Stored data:
- - - -

Let uniq_window : uniq (low ++ high).
Proof.
rewrite cat_uniq uniq_high andbT map_inj_in_uniq ?iota_uniq /= => [|a b]; last first.
  by rewrite !mem_iota; lia.
by apply/hasP => -[x]; rewrite mem_high mem_low; lia.
Qed.

Lemma family_count_low j : j < m -> count (fun A => (m - j)%N \in A) F = n - nth 0 nu j.
Proof.
move=> j_lt; have := @F_type (m - j); rewrite largest_part_star //.
rewrite (@card_fset_sep _ _ F) // conj_part_star_low //; try lia.
have -> : (m - (m - j) = j)%N by lia.
by apply; lia.
Qed.

Lemma family_count_high t : t < v -> count (fun A => (m.+1 + t)%N \in A) F = conj_part nu t.+1.
Proof.
move=> t_lt; have := @F_type (m.+1 + t); rewrite largest_part_star //.
by rewrite (@card_fset_sep _ _ F) // conj_part_star_high //; apply; rewrite -/v; lia.
Qed.

Lemma sum_family_hits_low : \sum_(A <- F) hits low A + n.-1 = m * n.
Proof.
rewrite /hits (sum_count_exchange (fun (A : {fset nat}) x => x \in A)) big_map.
rewrite (eq_big_seq (fun j => n - nth 0 nu j)) => [|j]; last first.
  by rewrite mem_iota => /andP [_ /family_count_low].
rewrite -sum_nu -(sum_nth_iota size_nu) -big_split /=.
rewrite (eq_bigr (fun _ => n)) => [|j _]; last first.
  by rewrite subnK //; have := nth_partition_homo nu_sorted (leq0n j); rewrite -/v; lia.
by rewrite big_const_seq count_predT size_iota iter_addn_0 mulnC.
Qed.

Lemma sum_family_hits_high : \sum_(A <- F) hits high A = n.-1.
Proof.
rewrite /hits (sum_count_exchange (fun (A : {fset nat}) x => x \in A)) big_map.
rewrite (eq_big_seq (fun t => conj_part nu t.+1)) ?sum_conj_part // => t.
by rewrite mem_iota => /andP [_ /family_count_high].
Qed.

Lemma family_hits_window A : A \in F -> hits low A + hits high A = m.
Proof.
apply: (@leq_sum_eq _ (fun B => hits low B + hits high B) (fun=> m)) => [B B_in | ].
  by rewrite /hits -count_cat -(card_F B_in); apply: count_mem_le_card.
rewrite big_split /= sum_family_hits_high big_const_seq count_predT size_F iter_addn_0.
exact: sum_family_hits_low.
Qed.

Lemma family_sub_window A x : A \in F -> x \in A -> x \in low ++ high.
Proof.
move=> A_in xA.
have sub : {subset [seq y <- low ++ high | y \in A] <= enum_fset A}.
  by move=> y; rewrite mem_filter => /andP [].
have size_le : size (enum_fset A) <= size [seq y <- low ++ high | y \in A].
  by rewrite size_filter count_cat family_hits_window // card_F.
have [_ E] := uniq_min_size (filter_uniq _ uniq_window) sub size_le.
by move: xA; rewrite -[x \in A]/(x \in enum_fset A) -E mem_filter => /andP [].
Qed.

Lemma family_hits_high0 A : A \in F -> hits high A = 0 -> A = base_set m.
Proof.
move=> A_in hits0; apply/eqP; rewrite eqEfcard card_base_set card_F // leqnn andbT.
apply/fsubsetP => x xA; rewrite mem_base_set -mem_low.
have := family_sub_window A_in xA; rewrite mem_cat => /orP [// | x_high].
by move/eqP: hits0; rewrite -leqn0 leqNgt -has_count; case/negP; apply/hasP; exists x.
Qed.

(* At most one set misses [high] entirely, while the [n] sets meet [high]
   [n - 1] times in total. *)
Lemma family_hits_high_le1 A : A \in F -> hits high A <= 1.
Proof.
have miss_le1 : count (fun B => hits high B == 0) F <= 1.
  rewrite -size_filter (@uniq_leq_size _ _ [:: base_set m]) ?filter_uniq // => B.
  by rewrite mem_filter inE => /andP [/eqP /[swap] /family_hits_high0 /[apply] ->].
have : \sum_(B <- F) (hits high B - 1) == 0.
  have split_sum : \sum_(B <- F) hits high B =
      count (predC (fun B => hits high B == 0)) F + \sum_(B <- F) (hits high B - 1).
    by rewrite count_sum -big_split /=; apply: eq_bigr => B _; lia.
  have := count_predC (fun B => hits high B == 0) F.
  by move: split_sum miss_le1; rewrite sum_family_hits_high size_F; lia.
by rewrite sum_nat_seq_eq0 => /allP all0 A_in; have /= := all0 A A_in; lia.
Qed.

Lemma family_set_cases A : A \in F ->
  A = base_set m \/ exists j t, [/\ j < m, t < v & A = exchange_set m j t].
Proof.
move=> A_in; case: (posnP (hits high A)) => [/(family_hits_high0 A_in) -> | hits_pos].
  by left.
right; have hit1 := family_hits_high_le1 A_in.
move: (hits_pos); rewrite -has_count => /hasP [e /mapP [t]]; rewrite mem_iota /= => t_lt -> tA.
have : 0 < count (predC (fun x => x \in A)) low.
  have := family_hits_window A_in; have := count_predC (fun x => x \in A) low.
  by rewrite size_map size_iota /hits in hits_pos *; lia.
rewrite -has_count => /hasP [c /mapP [j]]; rewrite mem_iota /= => j_lt -> jA.
exists j, t; split => //; apply/eqP.
rewrite eqEfcard card_exchange_set // card_F // leqnn andbT.
apply/fsubsetP => x xA; rewrite mem_exchange_set.
have := family_sub_window A_in xA; rewrite mem_cat mem_low.
case: (boolP (1 <= x <= m)) => /= [x_low _ | _ x_high].
  by rewrite andbT; apply/orP; right; apply/eqP => ex; move: jA; rewrite -ex xA.
apply/orP; left; apply/eqP.
by apply: (uniq_count_le1_eq uniq_high hit1 x_high) => //; rewrite mem_high; lia.
Qed.

Let cells := [seq p <- [seq (j, t) | j <- iota 0 m, t <- iota 0 v] | exchange_set m p.1 p.2 \in F].

Let uniq_cells : uniq cells.
Proof. exact/filter_uniq/uniq_iota_pairs. Qed.

Let mem_cells j t : ((j, t) \in cells) = [&& j < m, t < v & exchange_set m j t \in F].
Proof. by rewrite mem_filter mem_iota_pairs /= andbC andbA. Qed.

Let uniq_exchange_cells (Q : pred (nat * nat)) :
  uniq [seq exchange_set m p.1 p.2 | p <- [seq p <- cells | Q p]].
Proof.
rewrite map_inj_in_uniq; first exact: filter_uniq.
move=> [j t] [j' t'] /(mem_subseq (filter_subseq _ _)) + /(mem_subseq (filter_subseq _ _)).
by rewrite !mem_cells => /andP [j_lt _] /andP [j'_lt _] /= /(exchange_set_inj j_lt j'_lt) [-> ->].
Qed.

Lemma family_cells_rows j : count (fun p => p.1 == j) cells = nth 0 nu j.
Proof.
case: (ltnP j m) => j_lt; last first.
  rewrite nth_default; last lia.
  apply/eqP; rewrite -leqn0 leqNgt -has_count; apply/hasP => -[[j' t]].
  by rewrite mem_cells /= => /andP [j'_lt _] /eqP ej; lia.
have missing : count (predC (fun A => (m - j)%N \in A)) F =
    size [seq exchange_set m p.1 p.2 | p <- [seq p <- cells | p.1 == j]].
  apply: (@count_eq_size _ (enum_fset F)) => // A; apply/andP/mapP => [[A_in nA] | [[j' t]]].
    case: (family_set_cases A_in) => [A_base | [j' [t [j'_lt t_lt A_ex]]]].
      by move: nA; rewrite /= A_base mem_base_set; lia.
    have ej : j' = j by move: nA; rewrite /= A_ex mem_exchange_set; lia.
    rewrite {}ej in A_ex; exists (j, t) => //.
    by rewrite mem_filter eqxx mem_cells j_lt t_lt -A_ex A_in.
  rewrite mem_filter mem_cells /= => /andP [/eqP -> /and3P [_ _ ex_in]] ->.
  by split => //=; rewrite mem_exchange_set; lia.
rewrite -size_filter -(size_map (fun p : nat * nat => exchange_set m p.1 p.2)) -missing.
have := count_predC (fun A => (m - j)%N \in A) F.
rewrite size_F family_count_low //; have := nth_partition_homo nu_sorted (leq0n j).
by rewrite -/v; lia.
Qed.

- - - -

▶ _Aim of the exercise_: Output the lines above exactly, but only those between the line holding "Let mem_cells j" and the line holding "have missing : count", inclusive.

▶ _Response to this exercise_:
Let mem_cells j t : ((j, t) \in cells) = [&& j < m, t < v & exchange_set m j t \in F].
Proof. by rewrite mem_filter mem_iota_pairs /= andbC andbA. Qed.

Let uniq_exchange_cells (Q : pred (nat * nat)) :
  uniq [seq exchange_set m p.1 p.2 | p <- [seq p <- cells | Q p]].
Proof.
rewrite map_inj_in_uniq; first exact: filter_uniq.
move=> [j t] [j' t'] /(mem_subseq (filter_subseq _ _)) + /(mem_subseq (filter_subseq _ _)).
by rewrite !mem_cells => /andP [j_lt _] /andP [j'_lt _] /= /(exchange_set_inj j_lt j'_lt) [-> ->].
Qed.

Lemma family_cells_rows j : count (fun p => p.1 == j) cells = nth 0 nu j.
Proof.
case: (ltnP j m) => j_lt; last first.
  rewrite nth_default; last lia.
  apply/eqP; rewrite -leqn0 leqNgt -has_count; apply/hasP => -[[j' t]].
  by rewrite mem_cells /= => /andP [j'_lt _] /eqP ej; lia.
have missing : count (predC (fun A => (m - j)%N \in A)) F =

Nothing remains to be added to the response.